For sixty years now, scientists have studied the role of DNA as a vehicle for the storage and transmission of genetic information from generation to generation. We have marveled at the capacity of DNA to store all the information required to describe a human being using only a 4-letter code, and to pack that information into a space the size of the nucleus of a single cell. A letter published last week in Nature exploits this phenomenal storage capacity of DNA to archive a quite different kind of information. Forget CDs, hard drives and chips, the sum of human knowledge can now be stored in synthetic DNA strands. The Nature letter, authored by scientists from the European Bioinformatics Institute in Cambridge, UK, and Agilent Technologies in California, describes a proof-of-concept experiment where synthetic DNA was used to encode Shakespeare’s Sonnets, Martin Luther King’s “I Have a Dream” speech, a picture of the Bioinformatics Institute, and the original Crick and Watson paper on the double-helical nature of DNA.
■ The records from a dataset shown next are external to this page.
(* Let $T$ be a left-linear term rewriting system and $\psi$ a convergent proof term for $T$. Then (a) $tgt(\psi)$ is defined; and (b) for every $n<\omega$, if $mind(\psi)>n$ then $d(src(\psi),tgt(\psi))<2^{-n}$.
   Context: Setting. $T=(\Sigma,R)$: $\Sigma$ finite; rules $\mu: l\to r$ with $l$ finite, non-variable, linear, variables of $r$ among those of $l$; $r$ may be infinite. Terms are finite or infinite trees; $d(t,u)=0$ if $t=u$ and $2^{-k}$ otherwise, $k$ the least length of a position where $t$ and $u$ differ; limits are w.r.t. $d$. Multisteps. $\Sigma^R$ is $\Sigma$ plus a symbol $\mu$ of arity $n$ for each rule $\mu: l[x_1,..,x_n]\to r[x_1,..,x_n]$. A multistep is a closed finite or infinite term over $\Sigma^R$; $src$ = its normal form under $\mu(\vec x)\to l[\vec x]$, $tgt$ = its normal form (if any, via strongly convergent reduction) under $\mu(\vec x)\to r[\vec x]$; convergent iff $tgt$ defined; $mind=\omega$ if no rule symbol, else the least depth of a rule-symbol occurrence. Proof terms (over $\Sigma^R\cup\{\cdot/2\}$) with partial $src,tgt$, convergence and $mind$: the least set closed under (i) multisteps; (ii) $\psi_1\cdot\psi_2$ for $\psi_1$ convergent, $tgt(\psi_1)=src(\psi_2)$: $src=src(\psi_1)$, $tgt=tgt(\psi_2)$, convergent iff $\psi_2$ is, $mind=\min$; (iii) $\prod_{i<\omega}\psi_i=\psi_0\cdot(\psi_1\cdot\cdots)$ for convergent $\psi_i$ with $tgt(\psi_i)=src(\psi_{i+1})$: $src=src(\psi_0)$, $tgt=\lim_i tgt(\psi_i)$ (undefined if no limit), $mind=\min_i mind(\psi_i)$, convergent iff for every $k$ there is $n$ with $mind(\psi_j)>k$ for $j>n$; (iv) $f(\psi_1,..,\psi_m)$, $f\in\Sigma$: $src,tgt$ componentwise, convergent iff all $\psi_i$ are, $mind=1+\min$; (v) $\mu(\psi_1,..,\psi_n)$: $src=l[src(\psi_1),..]$, $tgt=r[tgt(\psi_1),..]$, convergent iff $\psi_i$ convergent whenever $x_i$ occurs in $r$, $mind=0$. *)

From Stdlib Require Import Reals List Arith ClassicalEpsilon.
Import ListNotations.
Set Implicit Arguments.

(* A (possibly infinite) term over a symbol type S is given by its labelling
   function on positions; positions are lists of argument indices read from
   the root ([] = root, p ++ [i] = i-th child of p). *)
Definition tree (S : Type) := list nat -> option S.

Definition wf {S : Type} (ar : S -> nat) (t : tree S) : Prop :=
  (exists s, t [] = Some s) /\
  forall p i, (exists s, t (p ++ [i]) = Some s) <-> (exists s, t p = Some s /\ i < ar s).

Definition subtree {S : Type} (t : tree S) (p : list nat) : tree S :=
  fun q => t (p ++ q).

Fixpoint strip_prefix (p q : list nat) : option (list nat) :=
  match p, q with
  | [], _ => Some q
  | i :: p', j :: q' => if Nat.eqb i j then strip_prefix p' q' else None
  | _ :: _, [] => None
  end.

Definition replace {S : Type} (t : tree S) (p : list nat) (u : tree S) : tree S :=
  fun q => match strip_prefix p q with Some r => u r | None => t q end.

Definition fun_tree {S : Type} (ar : S -> nat) (f : S) (us : nat -> tree S) : tree S :=
  fun p => match p with
           | [] => Some f
           | i :: p' => if Nat.ltb i (ar f) then us i p' else None
           end.

Fixpoint subst_aux {F S : Type} (t : tree (F + nat)) (sigma : nat -> tree S)
  (emb : F -> S) (q p : list nat) : option S :=
  match t q with
  | None => None
  | Some (inr x) => sigma x p
  | Some (inl f) =>
      match p with
      | [] => Some (emb f)
      | i :: p' => subst_aux t sigma emb (q ++ [i]) p'
      end
  end.

Definition subst {F S : Type} (t : tree (F + nat)) (sigma : nat -> tree S)
  (emb : F -> S) : tree S := subst_aux t sigma emb [].

Definition differ_at {S : Type} (t u : tree S) (k : nat) : Prop :=
  exists p, length p = k /\ t p <> u p.

(* d(t,u) = 0 if t = u, 2^-k otherwise, k the least length of a position
   where t and u differ. *)
Definition tdist {S : Type} (t u : tree S) : R :=
  match excluded_middle_informative (exists k, differ_at t u k) with
  | left _ =>
      (/ 2) ^ (epsilon (inhabits 0%nat)
                 (fun k => differ_at t u k /\ forall j, (j < k)%nat -> ~ differ_at t u j))
  | right _ => 0%R
  end.

Definition converges {S : Type} (ts : nat -> tree S) (u : tree S) : Prop :=
  forall eps : R, (0 < eps)%R ->
    exists N, forall i, (N <= i)%nat -> (tdist (ts i) u < eps)%R.

Definition var_ar {F : Type} (ar : F -> nat) (s : F + nat) : nat :=
  match s with inl f => ar f | inr _ => 0 end.

(* Convention: the variables of the
   left-hand side l of rule mu are exactly x_0, ..., x_{rar mu - 1}
   (written inr 0, ..., inr (rar mu - 1)), each occurring once (linearity). *)
Record TRS := {
  sym : Type;
  arity : sym -> nat;
  sym_finite : exists l : list sym, forall f, In f l;
  rule : Type;
  rar : rule -> nat;
  lhs : rule -> tree (sym + nat);
  rhs : rule -> tree (sym + nat);
  lhs_wf : forall mu, wf (var_ar arity) (lhs mu);
  rhs_wf : forall mu, wf (var_ar arity) (rhs mu);
  lhs_finite : forall mu, exists ps : list (list nat),
      forall p, lhs mu p <> None -> In p ps;
  lhs_nonvar : forall mu, exists f, lhs mu [] = Some (inl f);
  lhs_vars : forall mu x, (exists p, lhs mu p = Some (inr x)) <-> x < rar mu;
  lhs_linear : forall mu x p q,
      lhs mu p = Some (inr x) -> lhs mu q = Some (inr x) -> p = q;
  rhs_vars : forall mu x p, rhs mu p = Some (inr x) -> x < rar mu
}.

Section ProofTerms.
Context (T : TRS).

Definition term := tree (sym T).
Definition mstree := tree (sym T + rule T).

Definition ms_ar (s : sym T + rule T) : nat :=
  match s with inl f => arity T f | inr mu => rar T mu end.

Definition is_multistep (m : mstree) : Prop := wf ms_ar m.

Definition embF (s : term) : mstree := fun p => option_map inl (s p).

(* one step of  mu(x_0..x_{n-1}) -> rho mu [x_0..x_{n-1}]  at position p *)
Definition ms_step (rho : rule T -> tree (sym T + nat)) (p : list nat)
  (t t' : mstree) : Prop :=
  exists mu, t p = Some (inr mu) /\
    t' = replace t p (subst (rho mu) (fun i => subtree t (p ++ [i])) inl).

(* m reduces, by a strongly convergent reduction (of length <= omega), to
   the normal form s (a term without rule symbols). *)
Definition nf_reduct (rho : rule T -> tree (sym T + nat)) (m : mstree) (s : term)
  : Prop :=
  (exists (n : nat) (ts : nat -> mstree) (ps : nat -> list nat),
      ts 0 = m /\ (forall i, i < n -> ms_step rho (ps i) (ts i) (ts (S i))) /\
      ts n = embF s)
  \/
  (exists (ts : nat -> mstree) (ps : nat -> list nat),
      ts 0 = m /\ (forall i, ms_step rho (ps i) (ts i) (ts (S i))) /\
      (forall k, exists N, forall i, N <= i -> k <= length (ps i)) /\
      converges ts (embF s)).

Definition ms_src (m : mstree) (s : term) : Prop := nf_reduct (lhs T) m s.
Definition ms_tgt (m : mstree) (u : term) : Prop := nf_reduct (rhs T) m u.

(* Syntax of proof terms; argument families are indexed by nat, only the
   indices below the arity are meaningful. PInf ps = prod_{i<omega} ps i. *)
Inductive pterm : Type :=
| PMs   : mstree -> pterm
| PComp : pterm -> pterm -> pterm
| PInf  : (nat -> pterm) -> pterm
| PFun  : sym T -> (nat -> pterm) -> pterm
| PRule : rule T -> (nat -> pterm) -> pterm.

Definition occurs_rhs (mu : rule T) (i : nat) : Prop :=
  exists p, rhs T mu p = Some (inr i).

(* mind_gt psi n  :<->  n < mind(psi)   (mind(psi) in omega + 1) *)
Fixpoint mind_gt (psi : pterm) (n : nat) : Prop :=
  match psi with
  | PMs m => forall p mu, length p <= n -> m p <> Some (inr mu)
  | PComp p q => mind_gt p n /\ mind_gt q n
  | PInf ps => forall i, mind_gt (ps i) n
  | PFun f a => match n with
                | 0 => True
                | S n' => forall i, i < arity T f -> mind_gt (a i) n'
                end
  | PRule _ _ => False
  end.

Fixpoint conv (psi : pterm) : Prop :=
  match psi with
  | PMs m => exists u, ms_tgt m u
  | PComp p q => conv q
  | PInf ps => forall k, exists n, forall j, n < j -> mind_gt (ps j) k
  | PFun f a => forall i, i < arity T f -> conv (a i)
  | PRule mu a => forall i, occurs_rhs mu i -> conv (a i)
  end.

Inductive Src : pterm -> term -> Prop :=
| Src_ms m s : ms_src m s -> Src (PMs m) s
| Src_comp p q s : Src p s -> Src (PComp p q) s
| Src_inf ps s : Src (ps 0) s -> Src (PInf ps) s
| Src_fun f a ss : (forall i, i < arity T f -> Src (a i) (ss i)) ->
    Src (PFun f a) (fun_tree (arity T) f ss)
| Src_rule mu a ss : (forall i, i < rar T mu -> Src (a i) (ss i)) ->
    Src (PRule mu a) (subst (lhs T mu) ss (fun f => f)).

Inductive Tgt : pterm -> term -> Prop :=
| Tgt_ms m u : ms_tgt m u -> Tgt (PMs m) u
| Tgt_comp p q u : Tgt q u -> Tgt (PComp p q) u
| Tgt_inf ps us u : (forall i, Tgt (ps i) (us i)) -> converges us u ->
    Tgt (PInf ps) u
| Tgt_fun f a us : (forall i, i < arity T f -> Tgt (a i) (us i)) ->
    Tgt (PFun f a) (fun_tree (arity T) f us)
| Tgt_rule mu a us : (forall i, occurs_rhs mu i -> Tgt (a i) (us i)) ->
    Tgt (PRule mu a) (subst (rhs T mu) us (fun f => f)).

Fixpoint is_pterm (psi : pterm) : Prop :=
  match psi with
  | PMs m => is_multistep m
  | PComp p q => is_pterm p /\ is_pterm q /\ conv p /\
                 exists w, Tgt p w /\ Src q w
  | PInf ps => forall i, is_pterm (ps i) /\ conv (ps i) /\
                 exists w, Tgt (ps i) w /\ Src (ps (S i)) w
  | PFun f a => forall i, i < arity T f -> is_pterm (a i)
  | PRule mu a => forall i, i < rar T mu -> is_pterm (a i)
  end.

End ProofTerms.

(* Two trees are at distance < 2^-n iff they agree on all positions of
   length <= n.  A multistep without rule symbols up to depth n
   is left unchanged up to depth n by every contraction, so both its source
   and its target agree with it, hence with each other, up to depth n; this
   propagates through compositions, contexts and infinite products.  In an
   infinite product the convergence condition makes the targets of the
   factors agree up to any given depth from some index on, and such a
   sequence of trees has a limit (read off pointwise), which is a target. *)
From Stdlib Require Import Reals.
From Stdlib Require Import Arith Lia Lra Wf_nat ClassicalEpsilon Classical.

Definition agree_upto {A : Type} (n : nat) (t u : tree A) : Prop :=
  forall p, length p <= n -> t p = u p.

Lemma agree_upto_refl {A} n (t : tree A) : agree_upto n t t.
Proof. intros p _; reflexivity. Qed.

Lemma agree_upto_sym {A} n (t u : tree A) : agree_upto n t u -> agree_upto n u t.
Proof. intros H p Hp; symmetry; auto. Qed.

Lemma agree_upto_trans {A} n (t v u : tree A) :
  agree_upto n t v -> agree_upto n v u -> agree_upto n t u.
Proof. intros H1 H2 p Hp; rewrite H1; auto. Qed.

Lemma half_pow_lt_iff n k : ((/ 2) ^ k < (/ 2) ^ n)%R <-> n < k.
Proof.
  rewrite !pow_inv.
  assert (Hpos : forall j, (0 < 2 ^ j)%R) by (intro; apply pow_lt; lra).
  split; intro H.
  - destruct (le_lt_dec k n) as [Hkn|]; auto.
    pose proof (Rle_pow 2 k n ltac:(lra) Hkn).
    pose proof (Rinv_le_contravar _ _ (Hpos k) H0). lra.
  - apply Rinv_lt_contravar; [apply Rmult_lt_0_compat; auto | apply Rlt_pow; auto; lra].
Qed.

Lemma exists_least_nat (P : nat -> Prop) :
  (exists k, P k) -> exists k, P k /\ forall j, j < k -> ~ P j.
Proof.
  intro Hex.
  destruct (dec_inh_nat_subset_has_unique_least_element P (fun k => classic (P k)) Hex)
    as [k [[Hk Hmin] _]].
  exists k; split; auto. intros j Hj Pj. specialize (Hmin j Pj). lia.
Qed.

Lemma agree_upto_iff_no_difference {A} n (t u : tree A) :
  agree_upto n t u <-> forall j, j <= n -> ~ differ_at t u j.
Proof.
  split.
  - intros H j Hj [p [Hl Hne]]. apply Hne, H. lia.
  - intros H p Hp. destruct (classic (t p = u p)) as [|Hne]; auto.
    exfalso; apply (H (length p)); [lia | exists p; auto].
Qed.

Lemma tdist_lt_half_pow {A} n (t u : tree A) :
  (tdist t u < (/ 2) ^ n)%R <-> agree_upto n t u.
Proof.
  rewrite agree_upto_iff_no_difference. unfold tdist.
  destruct (excluded_middle_informative _) as [Hex|Hnone].
  - set (P := fun k => differ_at t u k /\ forall j, j < k -> ~ differ_at t u j).
    destruct (epsilon_spec (inhabits 0) P (exists_least_nat _ Hex)) as [Hd Hmin].
    generalize dependent (epsilon (inhabits 0) P). intros k Hd Hmin.
    rewrite half_pow_lt_iff. split.
    + intros Hnk j Hj. apply Hmin. lia.
    + intro H. destruct (le_lt_dec k n); auto. exfalso; apply (H k); auto.
  - split.
    + intros _ j _ Hj. apply Hnone; eauto.
    + intros _. apply pow_lt; lra.
Qed.

Lemma converges_iff_agree_upto {A} (us : nat -> tree A) u :
  converges us u <->
  forall k, exists N, forall i, N <= i -> agree_upto k (us i) u.
Proof.
  split.
  - intros H k. destruct (H ((/ 2) ^ k)%R) as [N HN]; [apply pow_lt; lra|].
    exists N; intros i Hi; apply tdist_lt_half_pow; auto.
  - intros H eps Heps.
    destruct (pow_lt_1_zero (/ 2) ltac:(rewrite Rabs_right; lra) eps Heps) as [k Hk].
    specialize (Hk k (Nat.le_refl k)). rewrite Rabs_right in Hk by (left; apply pow_lt; lra).
    destruct (H k) as [N HN]. exists N. intros i Hi.
    apply Rlt_trans with ((/ 2) ^ k)%R; auto. apply tdist_lt_half_pow; auto.
Qed.

(* The limit takes its label at p from a tree far enough in the sequence for
   depth [length p]. *)
Lemma agree_upto_cauchy_converges {A} (us : nat -> tree A) :
  (forall k, exists N, forall i j, N <= i -> N <= j -> agree_upto k (us i) (us j)) ->
  exists u, converges us u.
Proof.
  intro H. destruct (choice (fun k N => forall i j, N <= i -> N <= j ->
                                          agree_upto k (us i) (us j)) H) as [Nf HN].
  exists (fun p => us (Nf (length p)) p). apply converges_iff_agree_upto.
  intro k. exists (Nf k). intros i Hi p Hp.
  rewrite (HN k i (Nf (length p) + Nf k) Hi ltac:(lia) p Hp).
  symmetry; apply (HN (length p)); auto; lia.
Qed.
The authors chose DNA because of its high coding capacity, ease of storage, and it’s “proven track record as an information bearer”. So how can DNA store text and images? Basically, the authors devised a code that turned the 1’s and 0’s used to store information in digital files into strings of As, Ts, Cs and Gs. They then synthesized DNA strands of the appropriate sequence to spell out the required information, creating many overlapping copies of each strand. In addition to having numerous copies of each sequence, the authors took care to avoid creating a DNA code with long strings of repeats, which are prone to sequencing errors. They report that they were successfully able to sequence the synthetic DNA and decode the information accurately.
The paper includes discussion of the feasibility of DNA as a long-term data repository, including barriers, pros and cons. The idea of Shakespeare’s sonnets or Martin Luther King’s speech encapsulated in DNA is (to me) a surprising one. But the exquisite simplicity of the DNA code is itself is a kind of poetry, so it is perhaps fitting that it has now been used to encode something like this:
.. Yet, do thy worst old Time: despite thy wrong,
My love shall in my verse ever live young.
Here’s the paper
Goldman, N., et al. (2013) Towards practical, high-capacity, low-maintenance information storage in synthesized DNA. Nature doi:10.1038/nature11875.